2007年6月23日晚上8点34分,乔易木在酒吧里跟一群只能用妖娆来形容的不良女喝酒,他的眼神迷离,神色憔悴,一边喝一边唱着不知道哪里学来的酒令:“春眠不觉晓,处处闻啼鸟,举杯问姑娘,我该喝多少?”
我坐在他看不到的角落里,用一种恨铁不成钢的目光,恶狠狠地打量他。
不就是被踹了么,有什么了不起的呀,《功夫》里面的包租婆早就对人生下过定义——别以为长得帅我就不打你。
可是为什么那么聪明的乔易木就是想不通这个道理。
我觉得他应该举一反三地明白“别以为长得帅我就不踹你”这个道理。
我这样想着,仰起头将杯中的啤酒咕咚咕咚的惯下去。
我得给自己来点胆量和勇气,我要把烂醉如泥的他背回家交给乔伯伯,要不然,就他那张脸,落在对面那群妖精的手里,还不知道发生什么事。
“死就死吧。”
我给自己一遍遍地打气,可是脚步却没有向前挪动一步。
我明明记得三天前,他曾异常决绝地告诉我:“唐梦,你他妈的少管我,我看见你那张脸就恶心。”
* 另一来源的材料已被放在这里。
Lemma stdist_dist [pi mu] t : is_policy pi -> is_dist mu -> is_dist (st pi mu t).
Proof.
move=> pi_dist mu_dist; elim: t => [//|t [st0 st1]]; split.
  move=> s'; rewrite stdistS; apply: sumr_ge0 => s _; apply: mulr_ge0 => //.
  by case: (trans_pol_dist pi_dist s).
under eq_bigr do rewrite stdistS.
rewrite exchange_big /= -st1; apply: eq_bigr => s _.
by rewrite -mulr_sumr (trans_pol_dist pi_dist s).2 mulr1.
Qed.

Lemma stdist_mix pi (K : finType) (c : K -> R) (nu : K -> S -> R) t s' :
  st pi (fun y => \sum_k c k * nu k y) t s' = \sum_k c k * st pi (nu k) t s'.
Proof.
elim: t s' => [//|t ih] s'.
rewrite stdistS; under eq_bigr do rewrite ih mulr_suml.
rewrite exchange_big /=; apply: eq_bigr => k _; rewrite mulr_sumr.
by apply: eq_bigr => s _; rewrite mulrA.
Qed.

Lemma stdistSl pi mu t :
  st pi mu t.+1 = st pi (fun s' => \sum_s mu s * trans_pol pi s s') t.
Proof. by elim: t => [//|t ih]; apply/funext => s'; rewrite stdistS ih. Qed.

Lemma exp_rew_mix pi i (K : finType) (c : K -> R) (nu : K -> S -> R) :
  rew pi i (fun y => \sum_k c k * nu k y) = \sum_k c k * rew pi i (nu k).
Proof.
rewrite /exp_rew; under eq_bigr do rewrite mulr_suml.
rewrite exchange_big /=; apply: eq_bigr => k _; rewrite mulr_sumr.
by apply: eq_bigr => s _; rewrite mulrA.
Qed.

Lemma exp_rew_stdist pi i mu t :
  rew pi i (st pi mu t) = \sum_x mu x * rew pi i (st pi (delta x) t).
Proof.
have -> : st pi mu t = fun y => \sum_x mu x * st pi (delta x) t y.
  apply/funext => y; rewrite -stdist_mix; congr stdist.
  by apply/funext => z; rewrite sum_mulr_delta.
by rewrite exp_rew_mix.
Qed.

Lemma exp_rew_le pi i mu : is_policy pi -> is_dist mu ->
  `|rew pi i mu| <= maxSA (fun s a => `|Rw i s a|).
Proof.
move=> pi_dist [mu0 mu1]; apply: norm_avg_le => // s.
case: (pi_dist s) => pi0 pi1; apply: norm_avg_le => // a.
exact: (le_maxSA (fun s a => `|Rw i s a|)).
Qed.

Lemma cvg_series_exp_rew [pi] i [mu] : is_policy pi -> is_dist mu ->
  cvgn (series (fun t => gamma ^+ t * rew pi i (st pi mu t))).
Proof.
move=> pi_dist mu_dist; apply: cvg_series_discounted => // t.
exact: exp_rew_le (stdist_dist _ _ _).
Qed.

Lemma cvg_series_stdist_avg [pi mu] g : is_policy pi -> is_dist mu ->
  cvgn (series (fun t => gamma ^+ t * \sum_s st pi mu t s * g s)).
Proof.
move=> pi_dist mu_dist; apply: (@cvg_series_discounted _ _ (\sum_s `|g s|)) => // t.
case: (stdist_dist t pi_dist mu_dist) => st0 st1; apply: norm_avg_le => // s.
by rewrite (bigD1 s) //= lerDl sumr_ge0.
Qed.

Lemma cvg_series_stdist [pi mu] s : is_policy pi -> is_dist mu ->
  cvgn (series (fun t => gamma ^+ t * st pi mu t s)).
Proof.
move=> pi_dist mu_dist; have := cvg_series_stdist_avg (delta^~ s) pi_dist mu_dist.
by congr (cvgn (series _)); apply/funext => t; rewrite sum_mulr_delta.
Qed.

Lemma cvg_series_Qterm [pi] i s a : is_policy pi ->
  cvgn (series (fun t => gamma ^+ t * Qterm P Rw pi i s a t)).
Proof.
move=> pi_dist; apply: cvg_series_discounted => // -[|t] /=.
  exact: (le_maxSA (fun s a => `|Rw i s a|)).
exact: exp_rew_le (stdist_dist _ _ _).
Qed.

Lemma Vfun_Qfun pi i s : is_policy pi -> V pi i s = \sum_a pi s a * Q pi i s a.
Proof.
move=> pi_dist.
rewrite /Vfun (infsum_shift (cvg_series_exp_rew i pi_dist (delta_dist s))).
have rew0 : gamma ^+ 0 * rew pi i (st pi (delta s) 0) = \sum_a pi s a * Rw i s a.
  by rewrite expr0 mul1r /exp_rew /= sum_deltaMl.
have rewS t : gamma ^+ t.+1 * rew pi i (st pi (delta s) t.+1) =
    \sum_a pi s a * (gamma ^+ t.+1 * Qterm P Rw pi i s a t.+1).
  rewrite stdistSl.
  have -> : (fun s' => \sum_x delta s x * trans_pol pi x s') = trans_pol pi s.
    by apply/funext => s'; rewrite sum_deltaMl.
  have -> : st pi (trans_pol pi s) t = fun y => \sum_a pi s a * st pi (P s a) t y.
    by apply/funext => y; rewrite -stdist_mix.
  by rewrite exp_rew_mix mulr_sumr; apply: eq_bigr => a _; rewrite mulrCA.
have cvgQS a := cvg_series_shift (cvg_series_Qterm i s a pi_dist).
rewrite rew0 (eq_infsum rewS) infsum_sum; last by move=> a; apply: cvg_seriesZ.
rewrite -big_split /=; apply: eq_bigr => a _.
rewrite infsumZ; last exact: cvgQS.
by rewrite /Qfun (infsum_shift (cvg_series_Qterm i s a pi_dist)) expr0 mul1r mulrDr.
Qed.

Lemma Qfun_bellman pi i s a : is_policy pi ->
  Q pi i s a = Rw i s a + gamma * \sum_s' P s a s' * V pi i s'.
Proof.
move=> pi_dist.
have cvgV s' := cvg_series_exp_rew i pi_dist (delta_dist s').
rewrite /Qfun (infsum_shift (cvg_series_Qterm i s a pi_dist)) expr0 mul1r.
congr (_ + _).
rewrite (@eq_infsum _ _ (fun t => gamma * \sum_s' P s a s' *
    (gamma ^+ t * rew pi i (st pi (delta s') t)))); last first.
  move=> t /=; rewrite exp_rew_stdist exprS -mulrA; congr (_ * _).
  by rewrite mulr_sumr; apply: eq_bigr => s' _; rewrite mulrCA.
rewrite infsumZ; last by apply: cvg_series_sum => s'; apply: cvg_seriesZ.
rewrite infsum_sum; last by move=> s'; apply: cvg_seriesZ.
by congr (_ * _); apply: eq_bigr => s' _; rewrite infsumZ.
Qed.

Lemma Afun_avg0 pi i s : is_policy pi -> \sum_a pi s a * A pi i s a = 0.
Proof.
move=> pi_dist; rewrite /Afun; under eq_bigr do rewrite mulrBr.
by rewrite sumrB -Vfun_Qfun // -mulr_suml (pi_dist s).2 mul1r subrr.
Qed.

Lemma return_Vfun pi i : is_policy pi ->
  infsum (fun t => gamma ^+ t * rew pi i (st pi d0 t)) = \sum_s d0 s * V pi i s.
Proof.
move=> pi_dist.
have cvgV s := cvg_series_exp_rew i pi_dist (delta_dist s).
rewrite (@eq_infsum _ _ (fun t => \sum_s d0 s *
    (gamma ^+ t * rew pi i (st pi (delta s) t)))); last first.
  by move=> t; rewrite exp_rew_stdist mulr_sumr; apply: eq_bigr => s _; rewrite mulrCA.
rewrite infsum_sum; last by move=> s; apply: cvg_seriesZ.
by apply: eq_bigr => s _; rewrite infsumZ.
Qed.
当然,他骂我我不怪他,因为当时他很倒霉,所以心情不好,其实他骨子里面跟我没多大的血海深仇。
我记得当时他站在第一浴场旁边的上坡路上,他的红色小跑车就停在路边,而我就猫在离他不远的巷子口描他。
我看见他用双臂将莫楠环在墙角,我听见他大言不惭地说:“求你了莫楠,不要离开我。”
他这样说着,还想把那两片性感的薄嘴唇凑上前去,冲向莫楠的方向,结果就被莫楠给打了。
啪的一声,耳光响亮。
我微微一愣。
再看时,莫楠已经远远地走掉,而他还保留着嘴巴被打后的姿势,歪着脑袋一动不动地站在原地。
我偷偷地看着他,他直直地看着莫楠的背影,就这样过了很长时间,他的红色跑车才发出一阵轰鸣,在他眼皮底下绝尘而去。
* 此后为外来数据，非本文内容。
Lemma no_isolated_del_middle : no_isolated G'.
Proof.
apply/forallP=> v; apply/existsP; have := ltn_ord v.
case: (ltnP v 2) => [v_lt2|v_ge2].
- case: (ltnP v 1) => v_lt1; [exists (vx 2)|exists (vx (p + 2))];
  rewrite del_middleE; move: v_lt1 v_lt2; bistar_lia.
- case: (ltnP v (p + 2)) => side; [exists (vx 0)|exists (vx 1)];
  rewrite del_middleE; move: v_ge2 side; bistar_lia.
Qed.

Lemma btR_set_middle_edge : gammatR G < gammatR G' -> btR_set G middle_edge.
Proof.
move=> lt_gamma; apply: btR_set_card1; last exact: cards1.
by rewrite /bondage_cand middle_edge_sub_edges no_isolated_del_middle lt_gamma.
Qed.

End Bistar.

Theorem mainTheorem4 :
  (forall (V : finType) (e : rel V) (B : {set {set V}}),
     simple_graph e -> no_isolated e -> btR e <> None -> btR_set e B ->
     gammatR e + 1 <= gammatR (del_edges e B) <= gammatR e + 2)
  /\ (forall p q : nat, 2 <= p -> p <= q ->
       exists B, btR_set (bistar p q) B /\
         gammatR (del_edges (bistar p q) B) = gammatR (bistar p q) + 2)
  /\ (forall q : nat, 2 <= q ->
       exists B, btR_set (bistar 1 q) B /\
         gammatR (del_edges (bistar 1 q) B) = gammatR (bistar 1 q) + 1).
Proof.
split; [|split].
- by move=> V e B [esym _] _ _; apply: btR_set_gammatR_bounds.
- move=> p q p_gt1 le_pq; have p_gt0 := ltnW p_gt1.
  have q_gt1 := leq_trans p_gt1 le_pq.
  have gam := gammatR_bistar p_gt0 q_gt1.
  have gam' := gammatR_del_middle p_gt0 q_gt1 p_gt1.
  exists (middle_edge p q); rewrite gam gam'; split => //.
  by apply: (btR_set_middle_edge p_gt0 q_gt1); rewrite gam gam'.
- move=> q q_gt1; have p_gt0 : 0 < 1 by [].
  have gam := gammatR_bistar p_gt0 q_gt1.
  have gam' := gammatR_del_middle1 p_gt0 q_gt1 erefl.
  exists (middle_edge 1 q); rewrite gam gam'; split => //.
  by apply: (btR_set_middle_edge p_gt0 q_gt1); rewrite gam gam'.
Qed.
他转过头来,看着越来越远的跑车,这才意识到他的坐驾刚才被偷了,于是苦笑一下,卡着腰骂道:“你妈妈的。”
此语一落,他便发足狂奔,向着汽车消失的方向跑去。
那一天,我眼所见,是这样的情形——在第一浴场,错综复杂的街道中,一个身穿白色T恤,牛仔裤的少年,疯狂地追逐着一辆红色的跑车,而那个偷车贼仿佛在故意逗他玩儿似的,在蜘蛛网般的巷子里,穿插迂回。
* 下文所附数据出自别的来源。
Lemma sheet_inj V U sg e1 e2 : sheet V U sg -> U e1 -> U e2 -> rho e1 = rho e2 -> e1 = e2.
Proof.
  intros S h1 h2 hr. rewrite <- (proj2 (sheet_retract _ _ _ S e1 h1)), hr.
  apply (sheet_retract _ _ _ S e2 h2).
Qed.

Lemma sheets_apart V F U1 U2 e1 e2 : even_cover V F -> F U1 -> F U2 -> U1 e1 -> U2 e2 ->
  rho e1 = rho e2 -> e1 <> e2 -> forall z, ~ (U1 z /\ U2 z).
Proof.
  intros EC hF1 hF2 h1 h2 hr hne z [z1 z2]. apply hne.
  destruct (ec_sheet _ _ EC U1 hF1) as [sg S].
  apply (sheet_inj V U1 sg); auto.
  exact (proj2 (ec_disjoint _ _ EC U1 U2 hF1 hF2 z z1 z2 e2) h2).
Qed.

Lemma sheet_cont V U sg (gm : I -> pt B) t : sheet V U sg ->
  cont_at B gm t -> V (gm t) -> cont_at E (fun u => sg (gm u)) t.
Proof.
  intros S hg hvt W hW hWt.
  destruct (hg _ (sheet_open _ _ _ S W hW) (conj hvt hWt)) as [eps [he H]].
  exists eps; split; auto. intros u hu. apply (H u hu).
Qed.

Lemma sheet_cont2 V U sg (H : I * I -> pt B) (p : I * I) : sheet V U sg ->
  cont2 B H p -> V (H p) -> cont2 E (fun q => sg (H q)) p.
Proof.
  intros S hg hvt W hW hWt.
  destruct (hg _ (sheet_open _ _ _ S W hW) (conj hvt hWt)) as [eps [he H']].
  exists eps; split; auto. intros u h1 h2. apply (H' u h1 h2).
Qed.

(* Uniqueness of lifts of paths: the agreement set is clopen in I. *)
Lemma lift_unique (f f' : I -> pt E) : (forall t, cont_at E f t) -> (forall t, cont_at E f' t) ->
  (forall t, rho (f t) = rho (f' t)) -> f I0 = f' I0 -> forall t, f t = f' t.
Proof.
  intros cf cf' hr h0 t.
  apply (I_connected 0 1 (fun t => f t = f' t)); try lra; [| | |apply I_bnd].
  - intros t0 ht0. replace t0 with I0; auto. apply I_eq; simpl; auto.
  - intros u _ hu. destruct (even_cover_at (rho (f u))) as [V [F [hb EC]]].
    destruct (sheet_through V F EC (f u) hb) as [U [sg [hFU [hUu S]]]].
    pose proof (ec_sheets_open _ _ EC U hFU) as hU.
    destruct (cf u U hU hUu) as [e1 [he1 H1]].
    rewrite hu in hUu. destruct (cf' u U hU hUu) as [e2 [he2 H2]].
    exists (Rmin e1 e2); split; [apply Rmin_glb_lt; lra|]. intros v _ hv.
    pose proof (Rmin_l e1 e2); pose proof (Rmin_r e1 e2).
    apply (sheet_inj V U sg); auto; [apply H1|apply H2]; lra.
  - intros u _ hu. destruct (even_cover_at (rho (f u))) as [V [F [hb EC]]].
    destruct (ec_cover _ _ EC (f u) hb) as [U1 [hF1 hU1]].
    destruct (ec_cover _ _ EC (f' u) ltac:(rewrite <- hr; auto)) as [U2 [hF2 hU2]].
    pose proof (sheets_apart V F U1 U2 _ _ EC hF1 hF2 hU1 hU2 (hr u) hu) as dj.
    destruct (cf u U1 (ec_sheets_open _ _ EC U1 hF1) hU1) as [e1 [he1 H1]].
    destruct (cf' u U2 (ec_sheets_open _ _ EC U2 hF2) hU2) as [e2 [he2 H2]].
    exists (Rmin e1 e2); split; [apply Rmin_glb_lt; lra|]. intros v _ hv heq.
    pose proof (Rmin_l e1 e2); pose proof (Rmin_r e1 e2).
    apply (dj (f v)). split; [apply H1; lra|]. rewrite heq. apply H2; lra.
Qed.

Lemma stay_in_sheet V F U (f : I -> pt E) x z : even_cover V F -> F U ->
  (forall t, cont_at E f t) -> 0 <= x <= z -> z <= 1 ->
  (forall t, x <= proj1_sig t <= z -> V (rho (f t))) ->
  U (f (mkI x)) -> forall t, x <= proj1_sig t <= z -> U (f t).
Proof.
  intros EC hFU cf hx hz hV hU0.
  apply (I_connected x z (fun t => U (f t))); auto.
  - intros t ht. replace t with (mkI x); auto. apply I_eq; rewrite mkI_val; lra.
  - intros u _ hu. destruct (cf u U (ec_sheets_open _ _ EC U hFU) hu) as [e1 [he1 H1]].
    exists e1; split; auto.
  - intros u hu nu. destruct (ec_cover _ _ EC (f u) (hV u hu)) as [U' [hF' hU']].
    destruct (cf u U' (ec_sheets_open _ _ EC U' hF') hU') as [e1 [he1 H1]]. exists e1; split; auto.
    intros v _ hv hUv. apply nu.
    apply (proj1 (ec_disjoint _ _ EC U' U hF' hFU (f v) (H1 v hv) hUv (f u))). exact hU'.
Qed.

Definition lifts_upto (gm : I -> pt B) (e : pt E) (r : R) : Prop :=
  exists f, (forall t, cont_at E f t) /\ f I0 = e /\
    forall t, proj1_sig t <= r -> rho (f t) = gm t.

(* Near any u, a partial lift on [0,x] extends to [0,y]: continue it by the
   section of a sheet over an evenly covered neighbourhood of gm u. *)
Lemma lifts_upto_step (gm : I -> pt B) e (u : I) : (forall t, cont_at B gm t) ->
  exists eta, eta > 0 /\ forall x y, 0 <= x <= y -> y <= 1 ->
    Rabs (x - proj1_sig u) < eta -> Rabs (y - proj1_sig u) < eta ->
    lifts_upto gm e x -> lifts_upto gm e y.
Proof.
  intros cg. destruct (even_cover_at (gm u)) as [V [F [hb EC]]].
  destruct (cg u V (ec_open _ _ EC) hb) as [eta [heta Heta]]. exists eta; split; auto.
  intros x y hxy hy hx hy' [f [cf [f0 fl]]].
  set (tx := mkI x).
  assert (htx : proj1_sig tx = x) by (apply mkI_val; lra).
  assert (lx : rho (f tx) = gm tx) by (apply fl; lra).
  assert (vx : V (rho (f tx))) by (rewrite lx; apply Heta; rewrite htx; auto).
  destruct (sheet_through V F EC _ vx) as [U [sg [_ [hU S]]]].
  set (r := fun t : I => mkI (clamp x y (proj1_sig t))).
  assert (inV : forall t : I, V (gm (r t))).
  { intros t. apply Heta. pose proof (clamp_bnd x y (proj1_sig t) ltac:(lra)).
    unfold r. rewrite mkI_val by lra.
    apply Rabs_def2 in hx; apply Rabs_def2 in hy'. apply Rabs_def1; lra. }
  assert (r_id : forall t : I, x <= proj1_sig t <= y -> r t = t).
  { intros t ht. unfold r. rewrite clamp_id by lra. apply mkI_proj. }
  exists (glue x f (fun t => sg (gm (r t)))). split; [|split].
  - intros t. apply glue_cont; auto.
    + intros _. apply (sheet_cont V U sg (fun t => gm (r t))); auto.
      apply (cont_at_comp B gm r 1); [lra| |apply cg].
      intros u'. eapply Rle_trans; [apply mkI_lip|]. rewrite Rmult_1_l. apply clamp_lip; lra.
    + intros ht. replace t with tx by (apply I_eq; lra).
      rewrite r_id by lra. rewrite <- lx. symmetry; apply (sheet_retract _ _ _ S); auto.
  - unfold glue; simpl. destruct Rle_dec; [auto|lra].
  - intros t ht. unfold glue. destruct Rle_dec; [apply fl; auto|].
    rewrite <- (r_id t) at 2 by lra. apply (sheet_section _ _ _ S), inV.
Qed.

Lemma path_lift (gm : I -> pt B) (e : pt E) : (forall t, cont_at B gm t) -> rho e = gm I0 ->
  exists f, (forall t, cont_at E f t) /\ f I0 = e /\ forall t, rho (f t) = gm t.
Proof.
  intros cg he.
  assert (L1 : lifts_upto gm e 1).
  { apply interval_induction.
    - exists (fun _ => e). split; [intros; apply const_cont|split; auto].
      intros t ht. replace t with I0; auto. apply I_eq; pose proof (I_bnd t); simpl; lra.
    - intros r r' hr [f [h1 [h2 h3]]]. exists f; split; auto; split; auto.
      intros t ht; apply h3; lra.
    - intros u hu. destruct (lifts_upto_step gm e (mkI u) cg) as [eta [heta Heta]].
      rewrite mkI_val in Heta by lra. eauto. }
  destruct L1 as [f [h1 [h2 h3]]]. exists f; split; auto; split; auto.
  intros t; apply h3. apply I_bnd.
Qed.

Lemma nbhd_in_range (x t c : R) : 0 <= x <= t -> t < c -> (x = 0 \/ x < t) ->
  exists m, m > 0 /\ forall r, 0 <= r -> Rabs (r - t) < m -> x <= r < c.
Proof.
  intros hx hc [x0|hxt].
  - exists (c - t); split; [lra|]. intros r hr hrt. apply Rabs_def2 in hrt. lra.
  - exists (Rmin (t - x) (c - t)); split; [apply Rmin_glb_lt; lra|].
    intros r hr hrt. apply Rabs_def2 in hrt.
    pose proof (Rmin_l (t - x) (c - t)); pose proof (Rmin_r (t - x) (c - t)). lra.
Qed.

Section JointContinuity.
Variables (H : I * I -> pt B) (L0 : I -> pt E) (fs : I -> I -> pt E).
Hypotheses (cH : forall p, cont2 B H p) (cL0 : forall s, cont_at E L0 s)
  (cfs : forall s t, cont_at E (fs s) t) (fs_0 : forall s, fs s I0 = L0 s)
  (fs_rho : forall s t, rho (fs s t) = H (s, t)).

Definition lifted (p : I * I) : pt E := fs (fst p) (snd p).

Definition cont_below (s0 : I) (r : R) : Prop :=
  exists d, d > 0 /\ forall s t : I, Rabs (proj1_sig s - proj1_sig s0) < d ->
    proj1_sig t <= r -> cont2 E lifted (s, t).

Lemma start_near s0 x U : 0 <= x <= 1 -> (x = 0 \/ cont_below s0 x) -> opn E U ->
  U (fs s0 (mkI x)) -> exists d, d > 0 /\
    (forall s : I, Rabs (proj1_sig s - proj1_sig s0) < d -> U (fs s (mkI x))) /\
    (0 < x -> forall s t : I, Rabs (proj1_sig s - proj1_sig s0) < d ->
       proj1_sig t <= x -> cont2 E lifted (s, t)).
Proof.
  intros hx [x0|[d1 [hd1 Hd1]]] hU hUx.
  - assert (e0 : mkI x = I0) by (apply I_eq; rewrite mkI_val; simpl; lra).
    rewrite e0, fs_0 in hUx. destruct (cL0 s0 U hU hUx) as [eps [he Heps]].
    exists eps; split; auto; split; [|intros; lra].
    intros s hs. rewrite e0, fs_0. apply Heps; auto.
  - assert (c0 : cont2 E lifted (s0, mkI x))
      by (apply Hd1; [rewrite Rminus_diag, Rabs_R0|rewrite mkI_val]; lra).
    destruct (c0 U hU hUx) as [eps [he Heps]].
    exists (Rmin eps d1); split; [apply Rmin_glb_lt; lra|].
    pose proof (Rmin_l eps d1); pose proof (Rmin_r eps d1). split.
    + intros s hs. apply (Heps (s, mkI x)); simpl; [lra|rewrite Rminus_diag, Rabs_R0; lra].
    + intros _ s t hs ht. apply Hd1; auto; lra.
Qed.

(* The continuation step: near height u, on a strip around s0 the lift
   coincides with sg o H for the section sg of one sheet. *)
Lemma cont_below_step s0 (u : I) : exists eta, eta > 0 /\ forall x y, 0 <= x <= y -> y <= 1 ->
  Rabs (x - proj1_sig u) < eta -> Rabs (y - proj1_sig u) < eta ->
  (x = 0 \/ cont_below s0 x) -> cont_below s0 y.
Proof.
  destruct (even_cover_at (H (s0, u))) as [V [F [hb EC]]].
  destruct (cH (s0, u) V (ec_open _ _ EC) hb) as [eta0 [heta0 inV]]. simpl in inV.
  exists (eta0 / 2); split; [lra|]. intros x y hxy hy hx hy' hxQ.
  apply Rabs_def2 in hx; apply Rabs_def2 in hy'.
  assert (vx : V (rho (fs s0 (mkI x)))).
  { rewrite fs_rho. apply inV; cbn [fst snd]; [rewrite Rminus_diag, Rabs_R0; lra|rewrite mkI_val by lra; apply Rabs_def1; lra]. }
  destruct (sheet_through V F EC _ vx) as [U [sg [hFU [hU S]]]].
  destruct (start_near s0 x U ltac:(lra) hxQ (ec_sheets_open _ _ EC U hFU) hU)
    as [d2 [hd2 [start below]]].
  set (d3 := Rmin d2 eta0).
  assert (hd3 : d3 > 0 /\ d3 <= d2 /\ d3 <= eta0)
    by (unfold d3; split; [apply Rmin_glb_lt; lra|split; [apply Rmin_l|apply Rmin_r]]).
  assert (local_form : forall s t : I, Rabs (proj1_sig s - proj1_sig s0) < d3 ->
            x <= proj1_sig t < proj1_sig u + eta0 / 2 -> lifted (s, t) = sg (H (s, t))).
  { intros s t hs ht. unfold lifted; simpl. pose proof (I_bnd t).
    assert (inU : U (fs s t)).
    { apply (stay_in_sheet V F U (fs s) x (proj1_sig t) EC hFU (cfs s)); try lra.
      - intros t' ht'. rewrite fs_rho. apply inV; simpl; [lra|apply Rabs_def1; lra].
      - apply start; lra. }
    rewrite <- fs_rho. symmetry. apply (sheet_retract _ _ _ S); auto. }
  exists (d3 / 2); split; [lra|]. intros s t hs ht. pose proof (I_bnd t).
  destruct (Rle_dec (proj1_sig t) x); [destruct (Rlt_dec 0 x)|].
  1: { apply below; auto; lra. }
  all: destruct (nbhd_in_range x (proj1_sig t) (proj1_sig u + eta0 / 2)) as [m [hm Hm]]; try lra.
  all: apply (cont2_local E lifted (fun q => sg (H q)) (s, t) (Rmin m (d3 / 2)));
    [apply Rmin_glb_lt; lra| |].
  all: try (apply (sheet_cont2 V U sg); auto; apply inV; simpl;
            [lra|apply Rabs_def2 in hs; apply Rabs_def1; lra]).
  all: intros [s' t'] h1 h2; simpl in h1, h2.
  all: pose proof (Rmin_l m (d3 / 2)); pose proof (Rmin_r m (d3 / 2)).
  all: apply local_form; [apply Rabs_def2 in hs; apply Rabs_def2 in h1; apply Rabs_def1; lra|].
  all: apply Hm; [apply I_bnd|lra].
Qed.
那一天,乔易木追着追着就气喘吁吁地撞进还来不及从战斗位置撤离的我身上了,他站定,扶着双膝大口大口地喘着粗气,然后指着我的鼻子说:“哦,你居然监视我?”
那个“哦”字,他用了很长时间才说完,而且用了多种声调,哀怨、气愤、悲叹,等等等等。
然后他就骂我说:“唐梦,你他妈的少管我,我看见你那张脸就恶心。”
我才不跟他一般见识,所以直到今天,我还是跟着他。
他是磁石,我是铁,这是我的命。
不远处,几位妖女中的其中一位,见乔易木终于被罐醉,试探着向前探了探身,在他的裤兜里掏出了鼓鼓地钱包。
正当他们互相挤眉弄眼的想要开溜的时候,我突然大叫一声冲上前去,一把将钱包夺回来的同时,摸起了桌子上的一个空酒瓶。
我说:“你们想玉石俱焚么,反正我不怕,我本来就长得没你们漂亮,活在这个世界上也没多大意思。”
那几个妖女本来想跟我谈判分赃,还说我七她三,结果我死活不从,抱紧了钱包,闭着眼睛死命挥舞酒瓶,我说:“你们别过来,你们别过来。”
然而等我再次睁开眼睛的时候,她们就不见了,也许她们觉得没必要在这浪费时间,乌烟瘴气的酒吧里面有的是凯子。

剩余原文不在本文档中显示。